Квартира Мясниковых оказалась не заперта, мы вошли в маленькую переднюю, застекленная дверь в жилую комнату была расположена прямо против входной, и хотя в комнате было полутемно, я сразу углядел чудовищный беспорядок. Это была не нищета, а разруха. Мебель дорогая, но обшарпанная, шелковый абажур на торшере обгорел до дыр, на проволочный каркас наброшен рваный халат. Мы вошли. Больной лежал на продавленном матраце, кое-как застеленном несвежим бельем. Его красивое лицо было искажено гримасой — то ли страдания, то ли ненависти. Меня он, конечно, узнал, но не подал виду, а когда я взял его за руку, чтоб прощупать пульс, сердито дернулся всем телом.
Пульс был неровный и частил. Тахикардия чаще всего не болезнь, а симптом, чтоб разобраться в состоянии больного, его надо расспросить, но Мясников не отвечал, а на повторный вопрос он сквозь зубы, но отчетливо выговаривая матерные слова, предложил мне оставить его в покое.
— Вот и дурак, — вздохнула Евгеша. — Человеку добра хотят, а он ломается.
Неслышно вошла жена Мясникова, худая, с неестественно расширенными глазами и, несмотря на поздний час, с намазанными губами и ресницами. Она сразу начала что-то объяснять, чем вызвала у больного новый приступ бешенства.
— Замолчи, — прохрипел он, зажмурив глаза и выставив дергающийся кадык. — Убийца!
Евгеша отмахнулась.
— Не слушайте, — сказала она мне шепотом. — Здесь слова дешево стоят. Что на ум придет, то и лепят. Давай руку, кавалер! — прикрикнула она на Мясникова. — Некогда нам тут с тобой…

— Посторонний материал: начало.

Lemma desirable_of_wsum_bound (s : seq (R * T2)) g (k : T1 -> R) (B2 : set T2) :
  all (fun q => 0 <= q.1) s -> gamble k -> (forall x, g x <= k x.1 * ind R B2 x.2) ->
  D1 (fun x1 => wsum s (fun x2 => g (x1, x2))) -> D1 k.
Proof.
move=> s_ge0 gk g_le Dpsi.
have psi_le x1 : wsum s (fun x2 => g (x1, x2)) <= k x1 * wsum s (ind R B2).
  rewrite mulrC -wsumMr; apply: wsum_le => // x2.
  by rewrite mulrC; exact: (g_le (x1, x2)).
have W_gt0 : 0 < wsum s (ind R B2).
  have W_ge0 : 0 <= wsum s (ind R B2) by apply: wsum_ge0 => // x; exact: ind_ge0.
  rewrite lt_neqAle W_ge0 andbT.
  apply/eqP => W0; have [x1] := coh_gt0 cD1 Dpsi; apply/negP; rewrite -leNgt.
  by rewrite (le_trans (psi_le x1)) // -W0 mulr0.
have Winv_gt0 : 0 < (wsum s (ind R B2))^-1 by rewrite invr_gt0.
apply: (coh_le cD1 (cohZ cD1 Dpsi Winv_gt0) gk) => x1 /=.
by rewrite ler_pdivrMl // mulrC psi_le.
Qed.

Lemma dprod_nf_section g : dprod_nf BB1 BB2 D1 D2 g ->
  exists2 s : seq (R * T2), all (fun q => 0 <= q.1) s &
    D1 (fun x1 => wsum s (fun x2 => g (x1, x2))).
Proof.
move=> [n12 [a [n21 [b [h [a_ok b_ok [gh h_ge0] nz ->]]]]]].
have psih_ge0 (s : seq (R * T2)) : all (fun q => 0 <= q.1) s ->
    desirable_or_nonneg D1 (fun x1 => wsum s (fun x2 => h (x1, x2))).
  move=> s_ge0; right; split=> [|x1]; last exact: wsum_ge0.
  by apply: gamble_wsum => x2; exact: (gamble_comp (fun x1 => (x1, x2))).
have psi21_ge0 (s : seq (R * T2)) : all (fun q => 0 <= q.1) s ->
    desirable_or_nonneg D1 (fun x1 => \sum_(j < n21) wsum s (ind R (b j).2) * (b j).1 x1).
  move=> s_ge0; apply: (desirable_or_nonneg_sum cD1) => j _.
  apply: (desirable_or_nonnegZ cD1); first by left; exact: (b_ok j (ltn_ord j)).1.
  by apply: wsum_ge0 => // x2; exact: ind_ge0.
(* If there are generators u_i(X2) I_{E_i}(X1), separating weights make their
   integral a positive gamble; otherwise a single point mass will do. *)
case: (posnP n12) => [n12_0|n12_gt0]; last first.
  have [m n12E] : exists m, n12 = m.+1 by exists n12.-1; rewrite prednK.
  have a_ok' i : (i < m.+1)%N -> D2 (a i).1 by rewrite -n12E => /a_ok[].
  have [s s_ge0 [s_a [i lt_i s_ai]]] :=
    comb_somewhere_pos_weights (coherent_comb_somewhere_pos cD2 a_ok').
  exists s => //; under eq_fun do rewrite wsum_nf_section.
  apply: (cohDr cD1) (psih_ge0 _ s_ge0); apply: (cohDr cD1) (psi21_ge0 _ s_ge0).
  apply: (coh_sum_strict cD1) => [j|].
    apply: (desirable_or_nonnegZ cD1); last by apply: s_a; rewrite -n12E.
    by right; split; [exact: gamble_ind | exact: ind_ge0].
  rewrite -n12E in lt_i; exists (Ordinal lt_i); apply: (coh_pos cD1).
  exact: gamble_pos_ind (cond_nonempty1 (a_ok i lt_i).2) s_ai.
subst n12; case: (posnP n21) => [n21_0|n21_gt0]; last first.
  have [x2 bx2] := cond_nonempty2 (b_ok 0%N n21_gt0).2.
  exists [:: (1, x2)]; first by rewrite /= ler01.
  under eq_fun do rewrite wsum_nf_section big_ord0 add0r.
  apply: (cohDr cD1) (psih_ge0 _ _); last by rewrite /= ler01.
  apply: (coh_sum_strict cD1) => [j|].
    apply: (desirable_or_nonnegZ cD1); first by left; exact: (b_ok j (ltn_ord j)).1.
    by rewrite wsum1 ind_ge0.
  exists (Ordinal n21_gt0); rewrite wsum1 ind1 //.
  by under eq_fun do rewrite mul1r; exact: (b_ok 0%N n21_gt0).1.
subst n21; have [[y1 y2] hy] : exists x, h x != 0 by case: nz.
exists [:: (1, y2)]; first by rewrite /= ler01.
under eq_fun do rewrite wsum_nf_section !big_ord0 !add0r wsum1.
apply: (coh_pos cD1); split; first exact: (gamble_comp (fun x1 => (x1, y2))).
by split=> [x1|]; [exact: h_ge0 | exists y1].
Qed.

Я смерил давление и, чтоб поддержать сердце, ввел кубик камфары. Женщине я оставил таблетку снотворного и велел дать больному, но не сразу, а минут через пятнадцать.
— Ой нет! — вскрикнула она, отстраняя мою руку. Глаза ее еще расширились. — Он скажет, что я его травлю…

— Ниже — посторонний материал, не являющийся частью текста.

(* Let $X$ be a space and fix $x_0\in X$. Then $X$ is wep-connected if and only if for each $x\in X$ there is a path $p:I\to X$ from $x_0$ to $x$ such that for every open neighborhood $\mathcal U$ of $p$ in $P(X,x_0)$ there is an open neighborhood $V$ of $x$ in $X$ such that for every $v\in V$ there is a path $q\in\mathcal U$ from $x_0$ to $v$.
   Context: $P(X)$ is the space of paths $I=[0,1]\to X$ with the compact-open topology and $P(X,x_0)=\{\alpha\in P(X):\alpha(0)=x_0\}$ with the subspace topology. A path $p:I\to X$ is well-ended if for every open neighborhood $\mathcal U$ of $p$ in $P(X)$ there are open neighborhoods $V_0,V_1$ of $p(0),p(1)$ in $X$ such that for all $a\in V_0,b\in V_1$ there is $q\in\mathcal U$ with $q(0)=a$, $q(1)=b$. $X$ is wep-connected if any two points of $X$ are joined by a well-ended path in $X$. *)

From Stdlib Require Import Reals List.
Open Scope R_scope.

Record TopSpace := {
  carrier :> Type;
  is_open : (carrier -> Prop) -> Prop;
  open_full : is_open (fun _ => True);
  open_inter : forall U V, is_open U -> is_open V -> is_open (fun x => U x /\ V x);
  open_union : forall (J : Type) (F : J -> carrier -> Prop),
      (forall j, is_open (F j)) -> is_open (fun x => exists j, F j x)
}.

Definition I : Type := { t : R | 0 <= t <= 1 }.
Lemma I0_prf : 0 <= 0 <= 1. Proof. split; [apply Rle_refl | apply Rle_0_1]. Qed.
Lemma I1_prf : 0 <= 1 <= 1. Proof. split; [apply Rle_0_1 | apply Rle_refl]. Qed.
Definition i0 : I := exist _ 0 I0_prf.
Definition i1 : I := exist _ 1 I1_prf.

Definition is_path {X : TopSpace} (f : I -> X) : Prop :=
  forall U : X -> Prop, is_open X U ->
    exists O : R -> Prop, Rtopology.open_set O /\
      forall t : I, U (f t) <-> O (proj1_sig t).

(* Subbasic set V(K,U) = {f | f(K) ⊆ U} of the compact-open topology,
   for K compact in I (a compact subset of R contained in [0,1]) and U open. *)
Definition CO_sub {X : TopSpace} (K : R -> Prop) (U : X -> Prop) (f : I -> X) : Prop :=
  forall t : I, K (proj1_sig t) -> U (f t).

Definition CO_subbasic {X : TopSpace} (KU : (R -> Prop) * (X -> Prop)) : Prop :=
  (forall t, fst KU t -> 0 <= t <= 1) /\ Rtopology.compact (fst KU) /\ is_open X (snd KU).

(* Open sets of P(X) (compact-open topology): W is open iff every path in W
   lies in a finite intersection of subbasic sets contained (among paths) in W. *)
Definition CO_open {X : TopSpace} (W : (I -> X) -> Prop) : Prop :=
  forall f, is_path f -> W f ->
    exists l : list ((R -> Prop) * (X -> Prop)),
      (forall KU, In KU l -> CO_subbasic KU) /\
      (forall KU, In KU l -> CO_sub (fst KU) (snd KU) f) /\
      (forall g, is_path g -> (forall KU, In KU l -> CO_sub (fst KU) (snd KU) g) -> W g).

Definition well_ended {X : TopSpace} (p : I -> X) : Prop :=
  forall W : (I -> X) -> Prop, CO_open W -> W p ->
    exists V0 V1 : X -> Prop,
      is_open X V0 /\ V0 (p i0) /\ is_open X V1 /\ V1 (p i1) /\
      forall a b, V0 a -> V1 b ->
        exists q, is_path q /\ W q /\ q i0 = a /\ q i1 = b.

Definition wep_connected (X : TopSpace) : Prop :=
  forall x y : X, exists p : I -> X,
    is_path p /\ p i0 = x /\ p i1 = y /\ well_ended p.

From Stdlib Require Import Reals Lra List Classical ProofIrrelevance.
From Stdlib Require Import Rtopology Ranalysis.
Open Scope R_scope.

(* Given paths p and q from x0 to x and to y that are well-ended at their far
   ends, the path "p backwards, then q" from x to y is well-ended.  A basic
   compact-open neighbourhood of it, given by finitely many pairs (K, U), is
   cut at t = 1/2 into basic neighbourhoods of p and of q: the halves of each K
   are rescaled to compact subsets of I.  Paths q1 and q2 from x0 to a and to b
   in these neighbourhoods glue back to a path from a to b in the original one.
   Conversely a path from x0 that is well-ended in particular satisfies the
   one-sided condition, with V0 containing x0. *)

Lemma I_val_inj (s s' : I) : proj1_sig s = proj1_sig s' -> s = s'.
Proof.
  destruct s as [a pa], s' as [b pb]; simpl; intros ->.
  f_equal; apply proof_irrelevance.
Qed.

Definition clampR (t : R) : R := Rmax 0 (Rmin t 1).

Lemma clampR_in_I (t : R) : 0 <= clampR t <= 1.
Proof. unfold clampR, Rmax, Rmin; repeat destruct Rle_dec; lra. Qed.

Definition clamp (t : R) : I := exist _ (clampR t) (clampR_in_I t).

Lemma clamp_val (t : R) : 0 <= t <= 1 -> proj1_sig (clamp t) = t.
Proof. intros Ht; simpl; unfold clampR, Rmax, Rmin; repeat destruct Rle_dec; lra. Qed.

Lemma clamp_proj (s : I) : clamp (proj1_sig s) = s.
Proof. apply I_val_inj, clamp_val, proj2_sig. Qed.

Lemma open_lt (c : R) : open_set (fun t => t < c).
Proof.
  intros x Hx. assert (Hd : 0 < c - x) by lra. exists (mkposreal _ Hd).
  intros y Hy; unfold disc in Hy; simpl in Hy. apply Rabs_def2 in Hy. lra.
Qed.

Lemma open_gt (c : R) : open_set (fun t => c < t).
Proof.
  intros x Hx. assert (Hd : 0 < x - c) by lra. exists (mkposreal _ Hd).
  intros y Hy; unfold disc in Hy; simpl in Hy. apply Rabs_def2 in Hy. lra.
Qed.

Lemma open_affine_preimage (a b : R) (O : R -> Prop) :
  open_set O -> open_set (fun t => O (a * t + b)).
Proof.
  intros HO. apply (continuity_P2 (fun t => a * t + b) O); auto.
  intro x; reg.
Qed.

Lemma closed_le (c : R) : closed_set (fun t => t <= c).
Proof.
  intros x Hx; unfold complementary in Hx.
  destruct (open_gt c x) as [d Hd]; [lra|].
  exists d; intros y Hy; specialize (Hd y Hy); unfold complementary; simpl in Hd; lra.
Qed.

Lemma closed_ge (c : R) : closed_set (fun t => c <= t).
Proof.
  intros x Hx; unfold complementary in Hx.
  destruct (open_lt c x) as [d Hd]; [lra|].
  exists d; intros y Hy; specialize (Hd y Hy); unfold complementary; simpl in Hd; lra.
Qed.

Lemma compact_inter_closed (K P : R -> Prop) :
  compact K -> closed_set P -> compact (fun t => K t /\ P t).
Proof.
  intros HK HP. apply (compact_P4 K); [auto| |intros x []; auto].
  intros x Hx; unfold complementary in Hx.
  destruct (classic (K x)) as [Kx|Kx].
  - destruct (HP x ltac:(tauto)) as [d Hd].
    exists d; intros y Hy [_ Py]; exact (Hd y Hy Py).
  - destruct (compact_P2 K HK x Kx) as [d Hd].
    exists d; intros y Hy [Ky _]; exact (Hd y Hy Ky).
Qed.

Lemma CO_subbasic_image {X : TopSpace} (f : R -> R) (P : R -> Prop)
    (K : R -> Prop) (U : X -> Prop) :
  continuity f -> closed_set P ->
  (forall t, 0 <= t <= 1 -> P t -> 0 <= f t <= 1) ->
  CO_subbasic (K, U) -> CO_subbasic (image_dir f (fun t => K t /\ P t), U).
Proof.
  intros Hf HP HfI [HKI [HK HU]]; simpl in *. split; [|split]; simpl; auto.
  - intros s [t [-> [Kt Pt]]]. exact (HfI t (HKI t Kt) Pt).
  - apply continuity_compact; auto. apply compact_inter_closed; auto.
Qed.

Definition left_half (K : R -> Prop) : R -> Prop :=
  image_dir (fun t => 1 - 2 * t) (fun t => K t /\ t <= 1/2).
Definition right_half (K : R -> Prop) : R -> Prop :=
  image_dir (fun t => 2 * t - 1) (fun t => K t /\ 1/2 <= t).

Lemma CO_subbasic_left_half {X : TopSpace} (K : R -> Prop) (U : X -> Prop) :
  CO_subbasic (K, U) -> CO_subbasic (left_half K, U).
Proof.
  apply CO_subbasic_image; [intro; reg|apply closed_le|intros; lra].
Qed.

Lemma CO_subbasic_right_half {X : TopSpace} (K : R -> Prop) (U : X -> Prop) :
  CO_subbasic (K, U) -> CO_subbasic (right_half K, U).
Proof.
  apply CO_subbasic_image; [intro; reg|apply closed_ge|intros; lra].
Qed.

Definition rev_concat {X : TopSpace} (p q : I -> X) : I -> X := fun t =>
  if Rle_dec (proj1_sig t) (1/2) then p (clamp (1 - 2 * proj1_sig t))
  else q (clamp (2 * proj1_sig t - 1)).

Lemma rev_concat_i0 {X : TopSpace} (p q : I -> X) : rev_concat p q i0 = p i1.
Proof.
  unfold rev_concat; simpl; destruct Rle_dec; [|lra].
  f_equal; apply I_val_inj; rewrite clamp_val; simpl; lra.
Qed.

Lemma rev_concat_i1 {X : TopSpace} (p q : I -> X) : rev_concat p q i1 = q i1.
Proof.
  unfold rev_concat; simpl; destruct Rle_dec; [lra|].
  f_equal; apply I_val_inj; rewrite clamp_val; simpl; lra.
Qed.

(* Pasting lemma: at t = 1/2 both halves take the value p i0 = q i0, which is
   why the open set below has a third disjunct covering that point. *)
Lemma rev_concat_path {X : TopSpace} (p q : I -> X) :
  is_path p -> is_path q -> p i0 = q i0 -> is_path (rev_concat p q).
Proof.
  intros Hp Hq E U HU.
  destruct (Hp U HU) as [Op [HOp Ep]]; destruct (Hq U HU) as [Oq [HOq Eq]].
  set (Lt := fun t => Op ((-2) * t + 1)); set (Rt := fun t => Oq (2 * t + (-1))).
  exists (fun t => (t < 1/2 /\ Lt t) \/ (1/2 < t /\ Rt t) \/ (Lt t /\ Rt t)).
  split.
  { unfold Lt, Rt; repeat apply open_set_P2; repeat apply open_set_P3;
      auto using open_lt, open_gt, open_affine_preimage. }
  intros [t Ht]; unfold rev_concat, Lt, Rt; simpl proj1_sig.
  destruct (Rle_dec t (1/2)) as [Hle|Hgt].
  - rewrite Ep, clamp_val by lra.
    replace (1 - 2 * t) with ((-2) * t + 1) by ring.
    destruct (Rle_lt_or_eq_dec _ _ Hle) as [Hlt | ->].
    + split; [intros; left; auto|intros [[_ ?]|[[? _]|[? _]]]; auto; lra].
    + replace ((-2) * (1/2) + 1) with 0 by field.
      replace (2 * (1/2) + -1) with 0 by field.
      assert (Ep0 := Ep i0); assert (Eq0 := Eq i0); rewrite E in Ep0; simpl in Ep0, Eq0.
      split; [tauto|intros [[? _]|[[? _]|[? _]]]; auto; lra].
  - rewrite Eq, clamp_val by lra.
    replace (2 * t - 1) with (2 * t + (-1)) by ring.
    split; [intros; right; left; split; auto; lra|intros [[? _]|[[_ ?]|[_ ?]]]; auto; lra].
Qed.

Lemma CO_sub_left_half {X : TopSpace} (K : R -> Prop) (U : X -> Prop) (p q : I -> X) :
  CO_subbasic (K, U) -> CO_sub K U (rev_concat p q) -> CO_sub (left_half K) U p.
Proof.
  intros [HKI _] Hs s [t [Es [Kt Ht]]]; simpl in HKI; specialize (HKI t Kt).
  assert (Ut := Hs (clamp t)); rewrite clamp_val in Ut by lra; specialize (Ut Kt).
  unfold rev_concat in Ut; rewrite clamp_val in Ut by lra.
  destruct Rle_dec; [|lra].
  rewrite <- Es, clamp_proj in Ut; exact Ut.
Qed.

Lemma CO_sub_right_half {X : TopSpace} (K : R -> Prop) (U : X -> Prop) (p q : I -> X) :
  CO_subbasic (K, U) -> p i0 = q i0 ->
  CO_sub K U (rev_concat p q) -> CO_sub (right_half K) U q.
Proof.
  intros [HKI _] E Hs s [t [Es [Kt Ht]]]; simpl in HKI; specialize (HKI t Kt).
  assert (Ut := Hs (clamp t)); rewrite clamp_val in Ut by lra; specialize (Ut Kt).
  unfold rev_concat in Ut; rewrite clamp_val in Ut by lra.
  destruct Rle_dec.
  - assert (t = 1/2) by lra; subst t.
    replace s with i0 by (apply I_val_inj; simpl; lra).
    rewrite <- E; replace i0 with (clamp (1 - 2 * (1/2))); auto.
    apply I_val_inj; rewrite clamp_val; simpl; lra.
  - rewrite <- Es, clamp_proj in Ut; exact Ut.
Qed.

Lemma CO_sub_rev_concat {X : TopSpace} (K : R -> Prop) (U : X -> Prop) (p q : I -> X) :
  CO_sub (left_half K) U p -> CO_sub (right_half K) U q -> CO_sub K U (rev_concat p q).
Proof.
  intros Hp Hq [t Ht] Kt; unfold rev_concat; simpl in *.
  destruct Rle_dec.
  - apply Hp; rewrite clamp_val by lra; exists t; auto.
  - apply Hq; rewrite clamp_val by lra; exists t; repeat split; auto; lra.
Qed.

Definition CO_basic {X : TopSpace} (l : list ((R -> Prop) * (X -> Prop))) (g : I -> X) : Prop :=
  is_path g /\ forall KU, In KU l -> CO_sub (fst KU) (snd KU) g.

Lemma CO_basic_open {X : TopSpace} (l : list ((R -> Prop) * (X -> Prop))) :
  (forall KU, In KU l -> CO_subbasic KU) -> CO_open (CO_basic l).
Proof.
  intros Hl f _ [_ Hf]. exists l; split; [|split]; auto.
  intros g Hg Hs; split; auto.
Qed.

Definition map_compacts {X : TopSpace} (h : (R -> Prop) -> R -> Prop)
    (l : list ((R -> Prop) * (X -> Prop))) : list ((R -> Prop) * (X -> Prop)) :=
  map (fun KU => (h (fst KU), snd KU)) l.

Lemma CO_subbasic_map_compacts {X : TopSpace} (h : (R -> Prop) -> R -> Prop)
    (l : list ((R -> Prop) * (X -> Prop))) :
  (forall K (U : X -> Prop), CO_subbasic (K, U) -> CO_subbasic (h K, U)) ->
  (forall KU, In KU l -> CO_subbasic KU) ->
  forall KU, In KU (map_compacts h l) -> CO_subbasic KU.
Proof.
  intros Hh Hl KU' HKU'; apply in_map_iff in HKU'.
  destruct HKU' as [[K U] [<- HKU]]; exact (Hh K U (Hl _ HKU)).
Qed.

Lemma CO_basic_map_compacts {X : TopSpace} (h : (R -> Prop) -> R -> Prop)
    (l : list ((R -> Prop) * (X -> Prop))) (g : I -> X) :
  CO_basic (map_compacts h l) g <->
  is_path g /\ forall KU, In KU l -> CO_sub (h (fst KU)) (snd KU) g.
Proof.
  unfold CO_basic, map_compacts; split; intros [Hg Hs]; split; auto.
  - intros KU HKU; apply (Hs (h (fst KU), snd KU)), in_map_iff; eauto.
  - intros KU' HKU'; apply in_map_iff in HKU'.
    destruct HKU' as [KU [<- HKU]]; exact (Hs KU HKU).
Qed.

Definition well_ended_at_end {X : TopSpace} (p : I -> X) : Prop :=
  forall W : (I -> X) -> Prop, CO_open W -> W p ->
    exists V : X -> Prop, is_open X V /\ V (p i1) /\
      forall v, V v -> exists q : I -> X,
        is_path q /\ W q /\ q i0 = p i0 /\ q i1 = v.

Lemma well_ended_at_end_of_well_ended {X : TopSpace} (p : I -> X) :
  well_ended p -> well_ended_at_end p.
Proof.
  intros Hwe W HW Wp.
  destruct (Hwe W HW Wp) as [V0 [V1 [_ [V0p [HV1 [V1p Hq]]]]]].
  exists V1; split; [exact HV1|split; [exact V1p|]].
  intros v V1v; exact (Hq (p i0) v V0p V1v).
Qed.

Lemma well_ended_rev_concat {X : TopSpace} (p q : I -> X) :
  is_path p -> is_path q -> p i0 = q i0 ->
  well_ended_at_end p -> well_ended_at_end q -> well_ended (rev_concat p q).
Proof.
  intros Hp Hq E Hwp Hwq W HW Wpq.
  destruct (HW _ (rev_concat_path p q Hp Hq E) Wpq) as [l [Hl [Hpq HlW]]].
  set (Wp := CO_basic (map_compacts left_half l)).
  set (Wq := CO_basic (map_compacts right_half l)).
  assert (Wp_p : Wp p).
  { apply CO_basic_map_compacts; split; auto.
    intros [K U] HKU; apply (CO_sub_left_half K U p q); [exact (Hl _ HKU)|exact (Hpq _ HKU)]. }
  assert (Wq_q : Wq q).
  { apply CO_basic_map_compacts; split; auto.
    intros [K U] HKU; apply (CO_sub_right_half K U p q); [exact (Hl _ HKU)|exact E|exact (Hpq _ HKU)]. }
  destruct (Hwp Wp) as [V0 [HV0 [V0p Hp']]];
    [apply CO_basic_open, CO_subbasic_map_compacts; auto;
     intros; apply CO_subbasic_left_half; auto|auto|].
  destruct (Hwq Wq) as [V1 [HV1 [V1q Hq']]];
    [apply CO_basic_open, CO_subbasic_map_compacts; auto;
     intros; apply CO_subbasic_right_half; auto|auto|].
  exists V0, V1; rewrite rev_concat_i0, rev_concat_i1; repeat split; auto.
  intros a b V0a V1b.
  destruct (Hp' a V0a) as [qa [Hqa [Wqa [Eqa0 Eqa1]]]].
  destruct (Hq' b V1b) as [qb [Hqb [Wqb [Eqb0 Eqb1]]]].
  apply CO_basic_map_compacts in Wqa as [_ Wqa].
  apply CO_basic_map_compacts in Wqb as [_ Wqb].
  assert (Hqab : is_path (rev_concat qa qb)) by (apply rev_concat_path; [exact Hqa|exact Hqb|congruence]).
  exists (rev_concat qa qb); rewrite rev_concat_i0, rev_concat_i1; repeat split; auto.
  apply HlW; auto.
  intros KU HKU; apply CO_sub_rev_concat; auto.
Qed.

Theorem lemma4p15 (X : TopSpace) (x0 : X) :
  wep_connected X <->
  (forall x : X, exists p : I -> X,
     is_path p /\ p i0 = x0 /\ p i1 = x /\
     (* every open nbhd of p in P(X,x0) has the form W ∩ P(X,x0), W open in P(X) *)
     forall W : (I -> X) -> Prop, CO_open W -> W p ->
       exists V : X -> Prop, is_open X V /\ V x /\
         forall v, V v -> exists q : I -> X,
           is_path q /\ W q /\ q i0 = x0 /\ q i1 = v).
Proof.
  split.
  - intros Hwep x; destruct (Hwep x0 x) as [p [Hp [<- [<- Hwe]]]].
    exists p; repeat split; auto.
    exact (well_ended_at_end_of_well_ended p Hwe).
  - intros Hbased x y.
    destruct (Hbased x) as [px [Hpx [Ex0 [<- Hx]]]].
    destruct (Hbased y) as [py [Hpy [Ey0 [<- Hy]]]].
    assert (Hx' : well_ended_at_end px) by (rewrite <- Ex0 in Hx; exact Hx).
    assert (Hy' : well_ended_at_end py) by (rewrite <- Ey0 in Hy; exact Hy).
    exists (rev_concat px py).
    rewrite rev_concat_i0, rev_concat_i1; repeat split; auto.
    + apply rev_concat_path; auto; congruence.
    + apply well_ended_rev_concat; auto; congruence.
Qed.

Мне не хотелось сразу колоть димедрол, и мы просидели несколько лишних минут. За эти минуты не было сказано ни единого слова. Жестко тикал будильник, пахло кислятиной. Вкус и запах этой тишины надо было чем-то перебить, и, когда мы вышли на лестничную площадку, я предложил Евгении Ильиничне подняться ко мне и выпить чаю.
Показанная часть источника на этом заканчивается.